**YOUR INSTRUCTIONS**.
Every line below that has "case" in it should be copied.

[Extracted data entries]
---+---

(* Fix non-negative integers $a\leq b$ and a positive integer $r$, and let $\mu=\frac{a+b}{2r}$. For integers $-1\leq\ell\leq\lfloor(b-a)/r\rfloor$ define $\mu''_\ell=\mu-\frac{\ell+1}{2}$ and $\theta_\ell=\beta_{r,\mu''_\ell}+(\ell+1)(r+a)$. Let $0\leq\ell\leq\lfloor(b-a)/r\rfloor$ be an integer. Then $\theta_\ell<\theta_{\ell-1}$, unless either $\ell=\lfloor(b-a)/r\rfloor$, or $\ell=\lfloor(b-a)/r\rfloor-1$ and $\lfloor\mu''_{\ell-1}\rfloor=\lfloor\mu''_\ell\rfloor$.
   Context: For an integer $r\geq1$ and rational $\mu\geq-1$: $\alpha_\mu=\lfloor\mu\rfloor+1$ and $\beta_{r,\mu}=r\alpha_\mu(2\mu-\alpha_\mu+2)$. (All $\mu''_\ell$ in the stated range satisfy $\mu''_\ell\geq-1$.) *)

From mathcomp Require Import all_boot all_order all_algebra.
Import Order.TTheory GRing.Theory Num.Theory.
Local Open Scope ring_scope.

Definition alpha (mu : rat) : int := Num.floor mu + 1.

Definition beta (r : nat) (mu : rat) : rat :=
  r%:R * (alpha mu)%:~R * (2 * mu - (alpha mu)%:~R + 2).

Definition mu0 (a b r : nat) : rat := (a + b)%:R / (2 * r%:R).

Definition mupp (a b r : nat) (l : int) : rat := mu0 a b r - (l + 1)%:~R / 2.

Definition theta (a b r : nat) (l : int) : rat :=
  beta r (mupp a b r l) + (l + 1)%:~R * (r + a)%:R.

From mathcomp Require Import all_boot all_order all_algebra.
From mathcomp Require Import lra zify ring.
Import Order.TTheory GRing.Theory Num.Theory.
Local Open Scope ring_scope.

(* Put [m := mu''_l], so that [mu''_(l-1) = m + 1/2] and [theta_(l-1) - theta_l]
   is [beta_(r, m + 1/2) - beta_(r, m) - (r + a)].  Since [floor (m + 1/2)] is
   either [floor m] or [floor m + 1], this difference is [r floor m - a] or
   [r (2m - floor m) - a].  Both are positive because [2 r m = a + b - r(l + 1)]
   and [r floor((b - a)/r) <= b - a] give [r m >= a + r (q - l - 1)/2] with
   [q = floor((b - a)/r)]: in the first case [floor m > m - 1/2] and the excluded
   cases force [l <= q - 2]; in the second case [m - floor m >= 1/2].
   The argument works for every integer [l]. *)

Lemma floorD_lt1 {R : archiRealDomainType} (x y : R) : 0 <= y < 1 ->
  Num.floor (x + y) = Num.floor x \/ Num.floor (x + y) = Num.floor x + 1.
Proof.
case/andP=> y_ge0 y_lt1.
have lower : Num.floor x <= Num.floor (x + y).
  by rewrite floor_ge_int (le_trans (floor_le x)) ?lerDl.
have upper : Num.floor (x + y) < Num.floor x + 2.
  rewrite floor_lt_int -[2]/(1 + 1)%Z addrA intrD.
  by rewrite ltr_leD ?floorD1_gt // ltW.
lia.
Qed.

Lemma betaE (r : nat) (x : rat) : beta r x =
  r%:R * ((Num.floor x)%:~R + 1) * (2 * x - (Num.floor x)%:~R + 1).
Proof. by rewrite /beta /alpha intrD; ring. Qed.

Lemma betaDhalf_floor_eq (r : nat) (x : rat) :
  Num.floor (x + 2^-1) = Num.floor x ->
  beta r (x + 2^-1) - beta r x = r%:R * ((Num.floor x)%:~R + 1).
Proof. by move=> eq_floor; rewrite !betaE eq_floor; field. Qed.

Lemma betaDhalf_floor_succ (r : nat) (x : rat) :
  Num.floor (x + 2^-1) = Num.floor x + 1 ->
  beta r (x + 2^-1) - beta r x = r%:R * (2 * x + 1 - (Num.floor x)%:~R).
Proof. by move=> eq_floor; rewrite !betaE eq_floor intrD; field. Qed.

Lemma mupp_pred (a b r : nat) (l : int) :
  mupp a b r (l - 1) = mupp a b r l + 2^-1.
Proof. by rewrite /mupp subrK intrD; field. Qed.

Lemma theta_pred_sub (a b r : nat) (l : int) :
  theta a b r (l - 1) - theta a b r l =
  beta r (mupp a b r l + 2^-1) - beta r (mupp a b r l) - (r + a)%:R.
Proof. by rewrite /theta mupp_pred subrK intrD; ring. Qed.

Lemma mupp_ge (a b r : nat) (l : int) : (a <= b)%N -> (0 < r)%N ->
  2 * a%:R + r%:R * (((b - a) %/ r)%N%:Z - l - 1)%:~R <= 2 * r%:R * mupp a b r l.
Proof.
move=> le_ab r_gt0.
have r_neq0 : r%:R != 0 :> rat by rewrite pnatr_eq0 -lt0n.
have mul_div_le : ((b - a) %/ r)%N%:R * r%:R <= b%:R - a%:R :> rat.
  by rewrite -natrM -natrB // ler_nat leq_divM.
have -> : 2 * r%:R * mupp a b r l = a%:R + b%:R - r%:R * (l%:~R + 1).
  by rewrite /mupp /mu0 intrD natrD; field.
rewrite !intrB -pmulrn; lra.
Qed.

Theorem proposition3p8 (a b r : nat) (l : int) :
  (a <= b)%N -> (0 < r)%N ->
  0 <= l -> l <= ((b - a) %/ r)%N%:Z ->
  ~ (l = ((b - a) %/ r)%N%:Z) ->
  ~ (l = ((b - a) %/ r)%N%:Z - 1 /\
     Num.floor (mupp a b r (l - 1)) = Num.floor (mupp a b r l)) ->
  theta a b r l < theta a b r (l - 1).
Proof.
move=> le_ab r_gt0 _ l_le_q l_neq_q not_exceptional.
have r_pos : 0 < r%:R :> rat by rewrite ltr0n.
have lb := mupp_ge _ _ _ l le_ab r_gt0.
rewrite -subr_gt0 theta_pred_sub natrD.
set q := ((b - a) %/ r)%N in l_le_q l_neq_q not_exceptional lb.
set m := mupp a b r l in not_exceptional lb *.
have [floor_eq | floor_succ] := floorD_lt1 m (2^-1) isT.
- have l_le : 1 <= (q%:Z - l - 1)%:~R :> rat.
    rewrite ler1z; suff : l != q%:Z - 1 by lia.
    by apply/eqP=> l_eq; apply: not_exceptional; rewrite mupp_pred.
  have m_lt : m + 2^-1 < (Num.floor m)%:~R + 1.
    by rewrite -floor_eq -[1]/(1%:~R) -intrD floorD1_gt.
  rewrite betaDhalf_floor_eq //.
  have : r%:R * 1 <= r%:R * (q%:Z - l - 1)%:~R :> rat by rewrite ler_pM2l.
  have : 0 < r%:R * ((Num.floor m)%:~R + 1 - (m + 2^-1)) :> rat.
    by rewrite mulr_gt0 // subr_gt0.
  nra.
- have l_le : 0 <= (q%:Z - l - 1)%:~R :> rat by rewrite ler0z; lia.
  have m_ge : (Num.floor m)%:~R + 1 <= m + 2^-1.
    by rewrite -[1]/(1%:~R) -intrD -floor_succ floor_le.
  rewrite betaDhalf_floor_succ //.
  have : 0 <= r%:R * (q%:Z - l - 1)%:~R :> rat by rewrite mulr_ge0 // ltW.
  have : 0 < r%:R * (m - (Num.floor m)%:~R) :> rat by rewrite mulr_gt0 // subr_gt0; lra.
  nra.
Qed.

---+---

**RESULT FOR THIS TASK**.
   [q = floor((b - a)/r)]: in the first case [floor m > m - 1/2] and the excluded
   cases force [l <= q - 2]; in the second case [m - floor m >= 1/2].
case/andP=> y_ge0 y_lt1.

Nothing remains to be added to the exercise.